Saved entries
####################
(* In the $\mathbf N$-agent system described in the context, let $\{\boldsymbol\mu_t^{\mathbf N},\boldsymbol\nu_t^{\mathbf N}\}_{t\ge0}$ be the empirical joint state and action distributions induced by a policy $\boldsymbol\pi=\{\boldsymbol\pi_t\}_{t\ge0}$. Then for every $t\ge0$, $$\mathbb E\big|\boldsymbol\nu_t^{\mathbf N}-\nu^{\mathrm{MF}}(\boldsymbol\mu_t^{\mathbf N},\boldsymbol\pi_t)\big|_1\le\frac1{N_{\mathrm{pop}}}\Big(\sum_{k\in[K]}\sqrt{N_k}\Big)\sqrt{|\mathcal U|}.$$
   Context: Fix $K\ge1$, $N_1,\dots,N_K\ge1$, $[K]=\{1,\dots,K\}$, $N_{\mathrm{pop}}=\sum_kN_k$, finite sets $\mathcal X,\mathcal U$, $\mathcal P(A)$ the probability distributions on $A$, $|\cdot|_1$ the $L_1$ norm. Agent $j\in[N_k]$ of class $k$ has state $x_{j,k}^t\in\mathcal X$ and action $u_{j,k}^t\in\mathcal U$; $\boldsymbol\mu_t^{\mathbf N}(x,k)=\frac1{N_{\mathrm{pop}}}\sum_{j=1}^{N_k}\mathbf 1(x_{j,k}^t=x)$, $\boldsymbol\nu_t^{\mathbf N}(u,k)=\frac1{N_{\mathrm{pop}}}\sum_{j=1}^{N_k}\mathbf 1(u_{j,k}^t=u)$. For each $k$, $P_k:\mathcal X\times\mathcal U\times\mathcal P(\mathcal X\times[K])\times\mathcal P(\mathcal U\times[K])\to\mathcal P(\mathcal X)$ is a transition law. A policy is $\boldsymbol\pi=\{\boldsymbol\pi_t\}_{t\ge0}$, $\boldsymbol\pi_t=(\pi_k^t)_k$, with $\pi_k^t:\mathcal X\times\mathcal P(\mathcal X\times[K])\to\mathcal P(\mathcal U)$. Dynamics: conditioned on all states at time $t$, actions are independent across agents with $u_{j,k}^t\sim\pi_k^t(x_{j,k}^t,\boldsymbol\mu_t^{\mathbf N})$; conditioned on all states and actions at time $t$, next states are independent with $x_{j,k}^{t+1}\sim P_k(x_{j,k}^t,u_{j,k}^t,\boldsymbol\mu_t^{\mathbf N},\boldsymbol\nu_t^{\mathbf N})$. For $\boldsymbol\mu\in\mathcal P(\mathcal X\times[K])$ and decision rules $(\pi_k)_k$: $\nu^{\mathrm{MF}}(\boldsymbol\mu,\boldsymbol\pi)(u,k)=\sum_x\pi_k(x,\boldsymbol\mu)(u)\boldsymbol\mu(x,k)$. *)

From HB Require Import structures.
From mathcomp Require Import all_boot all_order all_algebra.
Set Implicit Arguments. Unset Strict Implicit. Unset Printing Implicit Defensive.
Import Order.TTheory GRing.Theory Num.Theory.
Local Open Scope ring_scope.

Section MF.
Variables (R : rcfType) (X U : finType) (K : nat) (N : 'I_K -> nat).

Definition agent := {k : 'I_K & 'I_(N k)}.
Definition sconf := {ffun agent -> X}.
Definition aconf := {ffun agent -> U}.

Definition Npop : nat := \sum_(k < K) N k.

Definition is_pdist (A : finType) (f : A -> R) : Prop :=
  (forall a, 0 <= f a) /\ \sum_a f a = 1.

Definition emp_mu (c : sconf) : {ffun X * 'I_K -> R} :=
  [ffun xk => (\sum_(j < N xk.2) ((c (Tagged (fun k => 'I_(N k)) j) == xk.1) : nat)%:R)
               / (Npop%:R)].

Definition emp_nu (a : aconf) : {ffun U * 'I_K -> R} :=
  [ffun uk => (\sum_(j < N uk.2) ((a (Tagged (fun k => 'I_(N k)) j) == uk.1) : nat)%:R)
               / (Npop%:R)].

Definition decision_rule := 'I_K -> X -> {ffun X * 'I_K -> R} -> {ffun U -> R}.

Definition nuMF (mu : {ffun X * 'I_K -> R}) (pik : decision_rule) : {ffun U * 'I_K -> R} :=
  [ffun uk => \sum_x pik uk.2 x mu uk.1 * mu (x, uk.2)].

Definition L1 (A : finType) (f g : A -> R) : R := \sum_a `|f a - g a|.

Definition act_prob (pi : nat -> decision_rule) (t : nat) (c : sconf) (a : aconf) : R :=
  \prod_(i : agent) pi t (tag i) (c i) (emp_mu c) (a i).

Definition trans_law :=
  'I_K -> X -> U -> {ffun X * 'I_K -> R} -> {ffun U * 'I_K -> R} -> {ffun X -> R}.

Definition trans_prob (P : trans_law) (c : sconf) (a : aconf) (c' : sconf) : R :=
  \prod_(i : agent) P (tag i) (c i) (a i) (emp_mu c) (emp_nu a) (c' i).

Fixpoint state_law (mu0 : {ffun sconf -> R}) (pi : nat -> decision_rule) (P : trans_law)
    (t : nat) : {ffun sconf -> R} :=
  match t with
  | 0 => mu0
  | t'.+1 => [ffun c' => \sum_(c : sconf) \sum_(a : aconf)
               state_law mu0 pi P t' c * act_prob pi t' c a * trans_prob P c a c']
  end.

Definition expected_dev (mu0 : {ffun sconf -> R}) (pi : nat -> decision_rule) (P : trans_law)
    (t : nat) : R :=
  \sum_(c : sconf) \sum_(a : aconf)
    state_law mu0 pi P t c * act_prob pi t c a * L1 (emp_nu a) (nuMF (emp_mu c) (pi t)).

End MF.

From mathcomp Require Import all_boot all_order all_algebra.
From mathcomp Require Import ring lra.
Set Implicit Arguments. Unset Strict Implicit. Unset Printing Implicit Defensive.
Import Order.TTheory GRing.Theory Num.Theory.
Local Open Scope ring_scope.

(* Given the joint state, actions are independent across agents, so for a class k and an
   action u the scaled deviation Npop (nu^N - nu^MF)(u, k) is a sum of N_k independent
   centred indicators 1(u_j = u) - pi_k(x_j, mu)(u).  Its second moment is the sum of the
   individual variances, hence at most s_u = sum_j pi_k(x_j, mu)(u); Jensen bounds the first
   absolute moment by sqrt s_u, and Cauchy-Schwarz with sum_u s_u = N_k gives
   sum_u sqrt s_u <= sqrt (N_k |U|).  Averaging over the law of the state at time t, a
   probability distribution, yields the bound. *)

Section ProductDistribution.
Variables (R : rcfType) (I J : finType) (p : I -> J -> R).

Definition prod_dist (a : {ffun I -> J}) : R := \prod_i p i (a i).

Lemma sum_prod_dist_mul (f : I -> J -> R) :
  \sum_a prod_dist a * \prod_i f i (a i) = \prod_i \sum_j p i j * f i j.
Proof. by rewrite bigA_distr_bigA /=; apply: eq_bigr => a _; rewrite -big_split. Qed.

Lemma prod_dist_ge0 : (forall i j, 0 <= p i j) -> forall a, 0 <= prod_dist a.
Proof. by move=> p_ge0 a; apply: prodr_ge0 => i _. Qed.

Hypothesis p_sum1 : forall i, \sum_j p i j = 1.

Lemma sum_prod_dist : \sum_a prod_dist a = 1.
Proof. by rewrite -bigA_distr_bigA big1. Qed.

Lemma sum_prod_dist_mul_in (A : {set I}) (f : I -> J -> R) :
  \sum_a prod_dist a * \prod_(i in A) f i (a i) = \prod_(i in A) \sum_j p i j * f i j.
Proof.
pose g i j := if i \in A then f i j else 1.
transitivity (\sum_a prod_dist a * \prod_i g i (a i)).
  by under eq_bigr do rewrite big_mkcond.
rewrite sum_prod_dist_mul [RHS]big_mkcond; apply: eq_bigr => i _.
by rewrite /g; case: ifP => // _; under eq_bigr do rewrite mulr1.
Qed.

Lemma prod_dist_expect1 (i0 : I) (g : J -> R) :
  \sum_a prod_dist a * g (a i0) = \sum_j p i0 j * g j.
Proof.
transitivity (\sum_a prod_dist a * \prod_(i in [set i0]) g (a i)).
  by apply: eq_bigr => a _; rewrite big_set1.
by rewrite (sum_prod_dist_mul_in _ (fun _ => g)) big_set1.
Qed.

Lemma prod_dist_expect2 (i0 i1 : I) (g h : J -> R) : i0 != i1 ->
  \sum_a prod_dist a * (g (a i0) * h (a i1))
  = (\sum_j p i0 j * g j) * (\sum_j p i1 j * h j).
Proof.
move=> ne01; pose f i := if i == i0 then g else h.
have pair_prod (F : I -> R) : \prod_(i in [set i0; i1]) F i = F i0 * F i1.
  by rewrite big_setU1 ?inE //= big_set1.
transitivity (\sum_a prod_dist a * \prod_(i in [set i0; i1]) f i (a i)).
  by apply: eq_bigr => a _; rewrite pair_prod /f eqxx eq_sym (negbTE ne01).
by rewrite sum_prod_dist_mul_in pair_prod /f eqxx eq_sym (negbTE ne01).
Qed.

End ProductDistribution.

Lemma prod_dist_pdist (R : rcfType) (I J : finType) (p : I -> J -> R) :
  (forall i, is_pdist (p i)) -> is_pdist (prod_dist p).
Proof.
move=> p_pdist; split; last by apply: sum_prod_dist => i; case: (p_pdist i).
by apply: prod_dist_ge0 => i; case: (p_pdist i).
Qed.

Section Moments.
Variables (R : rcfType) (A : finType) (w : A -> R).
Hypothesis w_ge0 : forall a, 0 <= w a.

Lemma sum_mul_norm_sqr_le (z : A -> R) :
  (\sum_a w a * `|z a|) ^+ 2 <= (\sum_a w a) * \sum_a w a * z a ^+ 2.
Proof.
set m := \sum_a w a * `|z a|; set W := \sum_a w a; set Q := \sum_a w a * z a ^+ 2.
have expand a b : w a * w b * (`|z a| - `|z b|) ^+ 2
    = w a * z a ^+ 2 * w b + w b * z b ^+ 2 * w a
      - (w a * `|z a|) * (w b * `|z b|) *+ 2.
  rewrite -(real_normK (num_real (z a))) -(real_normK (num_real (z b))).
  by move: (w a) (w b) `|z a| `|z b| => x y u v; ring.
(* Lagrange: the double sum below equals 2 (W Q - m^2). *)
have : 0 <= \sum_a \sum_b w a * w b * (`|z a| - `|z b|) ^+ 2.
  by apply: sumr_ge0 => a _; apply: sumr_ge0 => b _; rewrite mulr_ge0 ?sqr_ge0 ?mulr_ge0.
under eq_bigr do under eq_bigr do rewrite expand.
under eq_bigr do rewrite sumrB big_split /= sumrMnl -!mulr_sumr -mulr_suml.
rewrite sumrB big_split /= sumrMnl -mulr_suml -mulr_sumr -mulr_suml -/m -/W -/Q.
rewrite -expr2; lra.
Qed.

Lemma sum_mul_norm_le_sqrt (z : A -> R) : \sum_a w a = 1 ->
  \sum_a w a * `|z a| <= Num.sqrt (\sum_a w a * z a ^+ 2).
Proof.
move=> w_sum1; have := sum_mul_norm_sqr_le z; rewrite w_sum1 mul1r => le_sqr.
have m_ge0 : 0 <= \sum_a w a * `|z a| by apply: sumr_ge0 => a _; rewrite mulr_ge0.
by rewrite -(ger0_norm m_ge0) -sqrtr_sqr; apply: ler_wsqrtr.
Qed.

End Moments.

Lemma sum_sqrt_le (R : rcfType) (A : finType) (s : A -> R) : (forall a, 0 <= s a) ->
  \sum_a Num.sqrt (s a) <= Num.sqrt (#|A|%:R * \sum_a s a).
Proof.
move=> s_ge0.
have le_sqr := sum_mul_norm_sqr_le (fun _ => ler01) (fun a => Num.sqrt (s a)).
have sum_norm : \sum_a 1 * `|Num.sqrt (s a)| = \sum_a Num.sqrt (s a).
  by apply: eq_bigr => a _; rewrite mul1r ger0_norm ?sqrtr_ge0.
have sum_sqr : \sum_a 1 * Num.sqrt (s a) ^+ 2 = \sum_a s a.
  by apply: eq_bigr => a _; rewrite mul1r sqr_sqrtr.
rewrite sum_norm sum_sqr sumr_const in le_sqr.
have sum_ge0 : 0 <= \sum_a Num.sqrt (s a) by apply: sumr_ge0 => a _; apply: sqrtr_ge0.
by rewrite -(ger0_norm sum_ge0) -sqrtr_sqr; apply: ler_wsqrtr.
Qed.

Section CenteredIndicator.
Variables (R : rcfType) (J : finType) (q : J -> R) (u : J).

Lemma sum_mul_eq_indicator : \sum_v q v * (v == u)%:R = q u.
Proof.
rewrite (bigD1 u) //= eqxx mulr1 big1 ?addr0 // => v /negbTE->.
by rewrite mulr0.
Qed.

Hypothesis q_sum1 : \sum_v q v = 1.

Lemma centered_indicator_mean : \sum_v q v * ((v == u)%:R - q u) = 0.
Proof.
under eq_bigr do rewrite mulrBr.
by rewrite sumrB sum_mul_eq_indicator -mulr_suml q_sum1 mul1r subrr.
Qed.

Lemma centered_indicator_variance :
  \sum_v q v * ((v == u)%:R - q u) ^+ 2 = q u * (1 - q u).
Proof.
have expand v : q v * ((v == u)%:R - q u) ^+ 2
    = q v * (v == u)%:R * (1 - q u *+ 2) + q u ^+ 2 * q v.
  by case: (v == u) => /=; ring.
under eq_bigr do rewrite expand.
rewrite big_split /= -mulr_suml -mulr_sumr sum_mul_eq_indicator q_sum1.
ring.
Qed.

End CenteredIndicator.

Section IndependentSum.
Variables (R : rcfType) (I J B : finType) (p : I -> J -> R) (T : B -> I).
Hypotheses (p_ge0 : forall i j, 0 <= p i j) (p_sum1 : forall i, \sum_j p i j = 1).
Hypothesis T_inj : injective T.

Lemma prod_dist_sum_sqr (Y : B -> J -> R) :
    (forall b, \sum_j p (T b) j * Y b j = 0) ->
  \sum_a prod_dist p a * (\sum_b Y b (a (T b))) ^+ 2
  = \sum_b \sum_j p (T b) j * Y b j ^+ 2.
Proof.
move=> Y_mean0.
under eq_bigr do rewrite expr2 mulr_suml mulr_sumr.
under eq_bigr do under eq_bigr do rewrite !mulr_sumr.
rewrite exchange_big; apply: eq_bigr => b _.
rewrite exchange_big (bigD1 b) //= [X in _ + X]big1 ?addr0; last first.
  move=> b' ne_b'b; rewrite (prod_dist_expect2 p_sum1 (Y b) (Y b')).
    by rewrite Y_mean0 mul0r.
  by apply: contra ne_b'b => /eqP/T_inj->.
by rewrite -prod_dist_expect1.
Qed.

Lemma prod_dist_indicator_dev_le (u : J) :
  \sum_a prod_dist p a * `|\sum_b ((a (T b) == u)%:R - p (T b) u)|
  <= Num.sqrt (\sum_b p (T b) u).
Proof.
pose Y b (v : J) := (v == u)%:R - p (T b) u.
apply: le_trans (sum_mul_norm_le_sqrt (prod_dist_ge0 p_ge0) _ (sum_prod_dist p_sum1)) _.
apply: ler_wsqrtr; rewrite (prod_dist_sum_sqr (Y := Y)); last first.
  by move=> b; apply: centered_indicator_mean.
apply: ler_sum => b _; rewrite centered_indicator_variance //.
by rewrite mulrBr mulr1 lerBlDr lerDl sqr_ge0.
Qed.

Lemma prod_dist_L1_indicator_dev_le :
  \sum_a prod_dist p a * \sum_u `|\sum_b ((a (T b) == u)%:R - p (T b) u)|
  <= Num.sqrt (#|B|%:R) * Num.sqrt (#|J|%:R).
Proof.
under eq_bigr do rewrite mulr_sumr.
rewrite exchange_big /=.
apply: le_trans (ler_sum _ (fun u _ => prod_dist_indicator_dev_le u)) _.
apply: le_trans (sum_sqrt_le _) _; first by move=> u; apply: sumr_ge0.
rewrite exchange_big /= (eq_bigr (fun _ => 1)) => [|b _]; last exact: p_sum1.
by rewrite sumr_const mulrC sqrtrM ?ler0n.
Qed.

End IndependentSum.

Section MeanField.
Variables (R : rcfType) (X U : finType) (K : nat) (N : 'I_K -> nat).

Local Notation agent_of := (@Tagged 'I_K _ (fun k => 'I_(N k))).

Lemma agent_of_inj (k : 'I_K) : injective (@Tagged 'I_K k (fun k => 'I_(N k))).
Proof. by move=> j j' /eqP; rewrite eq_Tagged => /eqP. Qed.

Lemma nuMF_emp_mu (c : sconf X N) (pik : decision_rule R X U K) u k :
  nuMF (emp_mu R c) pik (u, k)
  = (\sum_(j < N k) pik k (c (agent_of j)) (emp_mu R c) u) / (Npop N)%:R.
Proof.
rewrite ffunE; under eq_bigr do rewrite ffunE mulrA.
rewrite -mulr_suml; congr (_ / _).
under eq_bigr do rewrite mulr_sumr.
rewrite /= exchange_big /=; apply: eq_bigr => j _.
rewrite (bigD1 (c (agent_of j))) //= eqxx mulr1 big1 ?addr0 // => x ne_x.
by rewrite eq_sym (negbTE ne_x) mulr0.
Qed.

Lemma L1_emp_nu_nuMF (c : sconf X N) (pik : decision_rule R X U K) (a : aconf U N) :
  L1 (emp_nu R a) (nuMF (emp_mu R c) pik)
  = (\sum_k \sum_u
       `|\sum_(j < N k) ((a (agent_of j) == u)%:R - pik k (c (agent_of j)) (emp_mu R c) u)|)
    / (Npop N)%:R.
Proof.
transitivity (\sum_u \sum_k `|emp_nu R a (u, k) - nuMF (emp_mu R c) pik (u, k)|).
  by rewrite pair_bigA; apply: eq_bigr => -[].
rewrite exchange_big mulr_suml; apply: eq_bigr => k _.
rewrite mulr_suml; apply: eq_bigr => u _.
by rewrite ffunE nuMF_emp_mu -mulrBl -sumrB normrM normfV normr_nat.
Qed.

Lemma expected_L1_dev_le (pi : nat -> decision_rule R X U K) (t : nat) (c : sconf X N) :
    (forall k x mu, is_pdist (pi t k x mu)) ->
  \sum_a act_prob pi t c a * L1 (emp_nu R a) (nuMF (emp_mu R c) (pi t))
  <= (\sum_k Num.sqrt ((N k)%:R : R)) * Num.sqrt (#|U|%:R : R) / (Npop N)%:R.
Proof.
move=> pi_pdist; pose p (i : agent N) := pi t (tag i) (c i) (emp_mu R c).
have p_ge0 i u : 0 <= p i u by case: (pi_pdist (tag i) (c i) (emp_mu R c)).
have p_sum1 i : \sum_u p i u = 1 by case: (pi_pdist (tag i) (c i) (emp_mu R c)).
under eq_bigr do rewrite L1_emp_nu_nuMF mulrA.
rewrite -mulr_suml; apply: ler_wpM2r; first by rewrite invr_ge0 ler0n.
under eq_bigr do rewrite mulr_sumr.
rewrite exchange_big mulr_suml; apply: ler_sum => k _.
rewrite -[in X in _ <= X](card_ord (N k)).
exact: (prod_dist_L1_indicator_dev_le p_ge0 p_sum1 (@agent_of_inj k)).
Qed.

Lemma state_law_pdist (mu0 : {ffun sconf X N -> R}) (pi : nat -> decision_rule R X U K)
    (P : trans_law R X U K) t :
    is_pdist mu0 -> (forall t k x mu, is_pdist (pi t k x mu)) ->
    (forall k x u mu nu, is_pdist (P k x u mu nu)) ->
  is_pdist (state_law mu0 pi P t).
Proof.
move=> mu0_pdist pi_pdist P_pdist; elim: t => [//|t [law_ge0 law_sum1]] /=.
have act_pdist (c : sconf X N) : is_pdist (act_prob pi t c).
  by apply: (prod_dist_pdist (p := fun i => pi t (tag i) (c i) (emp_mu R c))).
have trans_pdist (c : sconf X N) (a : aconf U N) : is_pdist (trans_prob P c a).
  by apply: (prod_dist_pdist (p := fun i => P (tag i) (c i) (a i) (emp_mu R c) (emp_nu R a))).
split=> [c'|].
  rewrite ffunE; apply: sumr_ge0 => c _; apply: sumr_ge0 => a _.
  by rewrite !mulr_ge0 ?(act_pdist c).1 ?(trans_pdist c a).1.
under eq_bigr do rewrite ffunE.
rewrite exchange_big -[RHS]law_sum1; apply: eq_bigr => c _.
rewrite exchange_big -[RHS]mulr1 -(act_pdist c).2 mulr_sumr; apply: eq_bigr => a _.
by rewrite -mulr_sumr (trans_pdist c a).2 mulr1.
Qed.

End MeanField.

Theorem lemma6 (R : rcfType) (X U : finType) (K : nat) (N : 'I_K -> nat)
  (hK : (0 < K)%N) (hN : forall k, (0 < N k)%N)
  (mu0 : {ffun sconf X N -> R})
  (pi : nat -> decision_rule R X U K)
  (P : trans_law R X U K)
  (hmu0 : is_pdist mu0)
  (hpi : forall t k x mu, is_pdist (pi t k x mu))
  (hP : forall k x u mu nu, is_pdist (P k x u mu nu))
  (t : nat) :
  expected_dev mu0 pi P t <=
    (\sum_(k < K) Num.sqrt ((N k)%:R : R)) * Num.sqrt (#|U|%:R : R) / (Npop N)%:R.
Proof.
have [law_ge0 law_sum1] := state_law_pdist t hmu0 hpi hP.
rewrite /expected_dev; set bound := (X in _ <= X).
rewrite -[bound]mul1r -law_sum1 mulr_suml.
apply: ler_sum => c _; under eq_bigr do rewrite -mulrA.
by rewrite -mulr_sumr; apply: ler_wpM2l => //; apply: expected_L1_dev_le.
Qed.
####################
* YOUR TASK
Filter these records, keeping every line where the word "Npop" occurs.

* ANSWER SECTION
Definition Npop : nat := \sum_(k < K) N k.
               / (Npop%:R)].
               / (Npop%:R)].
   action u the scaled deviation Npop (nu^N - nu^MF)(u, k) is a sum of N_k independent
  = (\sum_(j < N k) pik k (c (agent_of j)) (emp_mu R c) u) / (Npop N)%:R.
    / (Npop N)%:R.
  <= (\sum_k Num.sqrt ((N k)%:R : R)) * Num.sqrt (#|U|%:R : R) / (Npop N)%:R.
    (\sum_(k < K) Num.sqrt ((N k)%:R : R)) * Num.sqrt (#|U|%:R : R) / (Npop N)%:R.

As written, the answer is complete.